I wanted to leave it alone, I really did. The hope was to quickly get over a Bulls postseason that was as miserable as going the distance with Floyd Mayweather with your hands tied behind your back. I lost all emotional connection to this team after the D Rose injury, but there was a rage that came over me after C.J. Watson passed to a career 48% free throw shooter with the game on the line in game 6.
The annoyance came in the form of the $75 million Spike Lee like towel waver, Carlos Boozer. If a 1-11 3 point performance in a season ending game wasn’t horrendous enough, C Booz the Bum had the audacity to say this when summing up this Bulls season…
“I thought I played well, especially with the kind of season it was,” Boozer said, when asked to assess his second season in Chicago. “We had the best record again in basketball, won our division again, had the top seed again, that’s all that matters, yo.”
That’s. All. That. Matters. Yo.
Tell me, Carlos, what did you do well besides avoid contact and injury this season? Oh yeah, you perfected the art of shriveling into a 6’8 260 pound jump shooter that’s afraid of the painted area. Awesome.

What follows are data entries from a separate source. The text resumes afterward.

Theorem corollary3p5 (R : realType) (n : nat) (lam u : 'I_n.+1 -> R)
  (hlam : forall i j : 'I_n.+1, (i < j)%N -> lam i < lam j)
  (hu : forall i : 'I_n.+1, 0 < u i ^+ 2 < 1)
  (hsum : \sum_(i < n.+1) u i ^+ 2 = 1) :
  sup [set z : R | exists2 alpha : R, -1 <= alpha <= 1 &
         z = `| sup_part lam u alpha - inf_part lam u (lam ord_max) alpha |]
  <= 2 * (lam ord_max - lam ord0) * (u ord_max ^+ 2 / Num.sqrt (1 - u ord_max ^+ 2)).
Proof.
apply: ge_sup => [|_ [alpha alpha_in ->]].
  by eexists; exists 0; rewrite ?lerN10 ?ler01.
apply: gap_le_of_certified; first exact: lam_le_max hlam.
exact: (gap_certified_bound hlam (hu ord_max) hsum alpha_in).
Qed.
Theorem mainTheorem11 (R : realType) (a b : R)
  (V E : finType) (ends : E -> V * V) (L : {set V * V})
  (V' E' : finType) (ends' : E' -> V' * V') (L' : {set V' * V'}) :
  simple_demand L -> simple_demand L' ->
  is_minor ends L ends' L' ->
  (exists (od : R -> V' * V') (c : R -> darc E' -> R -> R)
          (sigma1 sigma2 : R -> seq (darc E')) (x : darc E'),
      [/\ od_partition L' a b od, cost_assignment a b c,
          strict_equilibrium ends' a b od c sigma1,
          strict_equilibrium ends' a b od c sigma2 &
          flow a b sigma1 x <> flow a b sigma2 x]) ->
  ~ uniqueness_property ends L a b.
Proof.
move=> _ _ [VS [ES [AS [C [pi [beta minor]]]]]].
case: minor => [[ES_VS AS_L AS_VS C_ES] [[pi_eq _] [[beta_inj _ beta_ES ends_beta] [_ L'_AS]]]].
move=> [od' [c' [s1 [s2 [x' [od'_partition c'_assignment s1_eq s2_eq flow_neq]]]]]].
have [u u_user] := exists_user_of_flow_neq flow_neq.
have := od'_partition.1 u u_user; rewrite L'_AS => /imsetP[l0 _ _].
exact: (not_uniqueness_property ES_VS C_ES pi_eq beta_inj beta_ES ends_beta
          l0 AS_L AS_VS L'_AS od'_partition c'_assignment s1_eq s2_eq flow_neq).
Qed.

The problem with Boozer’s quote that will define his tenure with the Bulls (at least to the fans who are only in this for championships) is that he is genuinely indifferent about winning a ring. He can talk about wanting the team to remain intact, having a legitimate chance to beat the Heat if healthy & winning a title, but this is more proof that he is nothing but a glory seeking mouthpiece. He’s like a soundboard– just press a different Boozer saying, and he spits out one of his infinite cliches.

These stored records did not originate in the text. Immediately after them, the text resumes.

Lemma nested_compact_meet (C : set T) (K : nat -> set T) : compact C ->
  (forall n, closed (K n)) -> K 0%N `<=` C -> (forall n, K n.+1 `<=` K n) ->
  (forall n, K n !=set0) -> exists z, forall n, K n z.
Proof.
move=> cC clK K0C Kdec Kn0.
have Kle m n : (m <= n)%N -> K n `<=` K m.
  move/subnK <-; elim: (n - m)%N => // k IH.
  by rewrite addSn; apply: subset_trans IH; exact: Kdec.
have KF : ProperFilter (filter_from setT K).
  apply: filter_from_proper; last by move=> n _; exact: Kn0.
  apply: filter_from_filter; first by exists 0%N.
  move=> i j _ _; exists (maxn i j) => // x Kx.
  by split; apply: Kle Kx; rewrite ?leq_maxl ?leq_maxr.
have [z [_ clz]] := cC _ KF (ex_intro2 _ _ 0%N I K0C).
by exists z => n; apply: clK => B nB; apply: clz => //; exists n.
Qed.

Lemma locally_compact_nbhs (x : T) : locally_compact [set: T] ->
  exists2 B, nbhs x B & compact B /\ closed B.
Proof. by move=> lcT; have := lcT x I; rewrite withinET. Qed.

Lemma locally_compact_regular (x : T) (U : set T) :
  hausdorff_space T -> locally_compact [set: T] -> nbhs x U ->
  exists2 W, nbhs x W & closure W `<=` U.
Proof.
move=> hT lcT nU; have [V nV [cV _]] := locally_compact_nbhs x lcT.
exact: (compact_regular hT cV nV nU).
Qed.

Lemma compact_cover_bounded (K : set T) (G : nat -> set T) :
  hausdorff_space T -> compact K -> (forall j, open (G j)) ->
  (forall x, K x -> exists j, G j x) ->
  exists m, forall x, K x -> exists2 j, (j <= m)%N & G j x.
Proof.
move=> hT cK oG KG; apply: contrapT => unbounded.
pose Kc m := K `&` \bigcap_(j in [set j | (j <= m)%N]) ~` G j.
have [z Kcz] : exists z, forall m, Kc m z.
  apply: (nested_compact_meet cK).
  - move=> m; apply: closedI; first exact: compact_closed.
    by apply: closed_bigI => j _; rewrite closedC.
  - by move=> x [].
  - by move=> m x [Kx NG]; split=> // j /= jm; apply: NG; exact: leqW.
  - move=> m; apply: contrapT => Kc0; apply: unbounded; exists m => x Kx.
    apply: contrapT => NG; apply: Kc0; exists x; split=> // j /= jm Gj.
    by apply: NG; exists j.
have [j Gz] := KG z (proj1 (Kcz 0%N)).
by have [_ /(_ j (leqnn j))] := Kcz j.
Qed.

Lemma baire_closed_cover (S : set T) (E : nat -> set T) :
  hausdorff_space T -> locally_compact [set: T] -> closed S -> S !=set0 ->
  (forall n, closed (E n)) -> (forall x, S x -> exists n, E n x) ->
  exists n x B, [/\ S x, nbhs x B & S `&` B `<=` E n].
Proof.
move=> hT lcT clS [s0 Ss0] clE covE; apply: contrapT => noInt.
pose good (p : T * set T) := S p.1 /\ nbhs p.1 p.2.
pose step np q := good np.2 -> good q /\ closure q.2 `<=` np.2.2 `\` E np.1.
have [next nextP] : {next & forall np, step np (next np)}.
  apply: choice => -[n [x B]]; rewrite /step /=.
  have [[Sx nB]|] := pselect (good (x, B)); last by exists (x, B).
  have [y [[Sy By] NEy]] : exists y, (S `&` B°) y /\ ~ E n y.
    apply: contrapT => NE; apply: noInt; exists n, x, B°.
    split=> //; first exact: nbhs_interior.
    by move=> y SBy; apply: contrapT => NEy; apply: NE; exists y.
  have nO : nbhs y (B° `\` E n).
    apply: open_nbhs_nbhs; split=> //.
    by apply: openI; [exact: open_interior | rewrite openC].
  have [W nW clW] := locally_compact_regular hT lcT nO.
  exists (y, W) => _; split=> // z /clW [/interior_subset].
  by split.
have [B0 nB0 [cB0 _]] := locally_compact_nbhs s0 lcT.
pose chain := fix chain n := if n is k.+1 then next (k, chain k) else (s0, B0).
have chain_good n : good (chain n).
  by elim: n => [|n IH]; [split | exact: (proj1 (nextP (n, chain n) IH))].
have chain_sub n : closure (chain n.+1).2 `<=` (chain n).2 `\` E n.
  exact: (proj2 (nextP (n, chain n) (chain_good n))).
pose K n := S `&` closure (chain n.+1).2.
have [z Kz] : exists z, forall n, K n z.
  apply: (nested_compact_meet cB0).
  - by move=> n; apply: closedI => //; exact: closed_closure.
  - by move=> x [_ /chain_sub[]].
  - move=> n x [Sx /chain_sub[+ _]]; split=> //; exact: subset_closure.
  - move=> n; exists (chain n.+1).1; split; first by case: (chain_good n.+1).
    by apply: subset_closure; apply: nbhs_singleton; case: (chain_good n.+1).
have [n Enz] := covE z (proj1 (Kz 0%N)).
by have [_ /chain_sub[]] := Kz n.
Qed.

Boozer loves to play the media for fools, but anyone with a sense of just how fake he is can see right through his bullshit. I am completely appalled at him admitting that a great regular season, division title & top seed is “all that matters, yo.”
Great regular seasons are apparently the Bulls’ M.O. Despite my efforts in a 1,700 word piece last week… http://chicitysportsfan.com/wp/2012/05/numerous-questions-await/, the Bulls won’t use the get out of NBA hell free card known as the amnesty clause.

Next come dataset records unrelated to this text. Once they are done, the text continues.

(* Let $\mathcal{T}$ be a set of finite simplicial complexes, and let $\Lambda$ be a real-valued function on $\mathcal{T}$. Suppose there are real numbers $b_{-1}, b_0, b_1, \ldots$ such that $\Lambda(K) = \sum_{i=-1}^{\dim K} b_i f_i(K)$ for all $K \in \mathcal{T}$. \begin{enumerate} \item If all the simplicial complexes in $\mathcal{T}$ have the same non-zero Euler characteristic, then $\Lambda$ is combinatorially locally determined. \item If $b_{-1} = 0$, then $\Lambda$ is combinatorially locally determined. \item If $b_{-1} \neq 0$, and if $\mathcal{T}$ contains all flag $d$-spheres for some odd integer $d \geq 3$, then $\Lambda$ is not combinatorially locally determined. \end{enumerate}
   Context: All simplicial complexes are finite. For a simplicial complex $K$, $f_i(K)$ denotes the number of $i$-simplices of $K$ for $i \in \{0,1,\ldots,\dim K\}$, with the convention $f_{-1}(K) = 1$ and $f_i(K) = 0$ for all other integers $i$. $\operatorname{Vert}(K)$ is the set of vertices of $K$, and $\operatorname{lk}(v,K)$ is the link of the vertex $v$ in $K$. For a set $\mathcal{T}$ of simplicial complexes let $\operatorname{Links}(\mathcal{T}) = \{\operatorname{lk}(v,K) \mid K \in \mathcal{T},\ v \in \operatorname{Vert}(K)\}$. A real-valued function $\Lambda$ on $\mathcal{T}$ is combinatorially locally determined if there is a real-valued function $h$ on $\operatorname{Links}(\mathcal{T})$ that is invariant under combinatorial equivalence (isomorphic complexes get the same value) such that $\Lambda(K) = \sum_{v \in \operatorname{Vert}(K)} h(\operatorname{lk}(v,K))$ for every $K \in \mathcal{T}$. A simplicial complex $K$ is a flag complex if for every subset $T \subseteq \operatorname{Vert}(K)$ whose vertices are pairwise joined by edges, $T$ is the vertex set of a face of $K$. A flag $d$-sphere is a flag simplicial complex whose underlying space is homeomorphic to the $d$-sphere. *)

From HB Require Import structures.
From mathcomp Require Import all_boot all_order all_algebra.
From mathcomp Require all_classical all_reals all_analysis.

Set Implicit Arguments.
Unset Strict Implicit.
Unset Printing Implicit Defensive.

Import Order.TTheory GRing.Theory Num.Theory.

Local Open Scope ring_scope.

(* A finite (abstract) simplicial complex: a downward closed family of finite
   subsets of a finite vertex universe 'I_n, containing the empty face (so
   that f_{-1} = 1). *)
Record complex := Complex {
  cn : nat;
  faces : {set {set 'I_cn}};
  faces_set0 : set0 \in faces;
  faces_closed : [forall s in faces, forall t : {set 'I_cn},
                    (t \subset s) ==> (t \in faces)] }.

Definition Vert (K : complex) : {set 'I_(cn K)} :=
  [set v | [set v] \in faces K].

(* f_i(K) for an integer i: number of faces of cardinality i+1.
   Gives f_{-1} = 1 and f_i = 0 for i < -1 or i > dim K. *)
Definition fvec (i : int) (K : complex) : nat :=
  #|[set s in faces K | (#|s|%:Z == i + 1)%R]|.

Definition dimS (K : complex) : nat := \max_(s in faces K) #|s|.
Definition dim (K : complex) : int := (dimS K)%:Z - 1.

Definition euler (K : complex) : int :=
  \sum_(k < dimS K) (-1) ^+ k * (fvec k%:Z K)%:Z.

Definition fsum (R : numDomainType) (b : int -> R) (K : complex) : R :=
  \sum_(k < (dimS K).+1) b (k%:Z - 1) * (fvec (k%:Z - 1) K)%:R.

(* Link of a vertex v (for v a vertex the extra empty face is already there). *)
Definition link_faces (K : complex) (v : 'I_(cn K)) : {set {set 'I_(cn K)}} :=
  [set s in faces K | (v \notin s) && ((v |: s) \in faces K)] :|: [set set0].

Arguments link_faces : clear implicits.

Lemma link_set0 (K : complex) v : set0 \in link_faces K v.
Proof. by rewrite /link_faces in_setU in_set1 eqxx orbT. Qed.

Arguments link_set0 : clear implicits.

Lemma link_closed (K : complex) v :
  [forall s in link_faces K v, forall t : {set 'I_(cn K)},
     (t \subset s) ==> (t \in link_faces K v)].
Proof.
apply/forall_inP => s; rewrite /link_faces in_setU in_set1 => /orP [|/eqP ->].
- rewrite inE => /andP [sK /andP [vs vsK]]; apply/forallP => t; apply/implyP => ts.
  have cl := faces_closed K.
  rewrite in_setU; apply/orP; left; rewrite inE.
  have tK : t \in faces K.
    by move/forall_inP: cl => /(_ _ sK) /forallP /(_ t) /implyP; apply.
  rewrite tK /=; apply/andP; split.
    by apply: contra vs; apply: (subsetP ts).
  move/forall_inP: cl => /(_ _ vsK) /forallP /(_ (v |: t)) /implyP; apply.
  by apply: setUS.
- apply/forallP => t; apply/implyP; rewrite subset0 => /eqP ->.
  exact: link_set0.
Qed.

Arguments link_closed : clear implicits.

Definition link (K : complex) (v : 'I_(cn K)) : complex :=
  @Complex (cn K) (link_faces K v) (link_set0 K v) (link_closed K v).

Arguments link_faces : clear implicits.
Arguments link : clear implicits.

Definition comb_equiv (K L : complex) : Prop :=
  exists (f : 'I_(cn K) -> 'I_(cn L)) (g : 'I_(cn L) -> 'I_(cn K)),
    [/\ (forall s, s \in faces K -> f @: s \in faces L),
        (forall t, t \in faces L -> g @: t \in faces K),
        (forall v, v \in Vert K -> g (f v) = v) &
        (forall w, w \in Vert L -> f (g w) = w)].

Definition Links (T : complex -> Prop) : complex -> Prop :=
  fun L => exists (K : complex) (v : 'I_(cn K)),
    [/\ T K, v \in Vert K & L = link K v].

Definition comb_locally_determined (R : numDomainType)
    (T : complex -> Prop) (Lam : complex -> R) : Prop :=
  exists h : complex -> R,
    (forall L1 L2, Links T L1 -> Links T L2 -> comb_equiv L1 L2 -> h L1 = h L2) /\
    (forall K, T K -> Lam K = \sum_(v in Vert K) h (link K v)).

Definition flag (K : complex) : Prop :=
  forall S : {set 'I_(cn K)}, S \subset Vert K ->
    (forall u w, u \in S -> w \in S -> u != w -> [set u; w] \in faces K) ->
    S \in faces K.

From mathcomp Require Import all_classical all_reals all_analysis.
Import numFieldNormedType.Exports.
Local Open Scope classical_set_scope.
Local Open Scope ring_scope.

Definition realization (R : realType) (K : complex) : set 'rV[R]_(cn K) :=
  [set x | (forall i, 0 <= x ord0 i) /\ \sum_i x ord0 i = 1 /\
           finset (fun i => x ord0 i != 0) \in faces K].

Why would they, right? Why wouldn’t you want to cut ties with a guy that fits on a hard working dedicated team like a he’s a member of Al Qaeda joining Seal Team 6? It’s a travesty that GarPax isn’t seriously considering admitting a colossal mistake and moving forward. You see, GarPax is too proud to ever admit failure, so it’s simply not an option. Plus, Reinsdorf would rather be dropped in a pool of acid than eat the remaining $47 million on one of the worst contracts in Chicago sports history.
And that’s all you need to know about the Bulls. They are money first, titles second (they’ll never win a title with Boozer on this roster, by the way). So when you hear them talk about being determined to hang a 7th banner at the U.C., just know it’s all verbal diarrhea to feed season ticket holders to ensure that you again send them checks for season tickets on the false hope that a title is on the horizon. For a team that pisses money, the Bulls can’t wait to take all of those suckers’ cash.
But thanks for that moment of clarity, Booz. You, again, pissed off a fan base that already despises you. So enjoy your off-season of laziness, ignorance, defiance & working on your soft touched missed layups. It looks good on you. And when you return for camp, I’m sure you’ll have a fresh batch of cliches to spew as you sleep walk through another title-less season.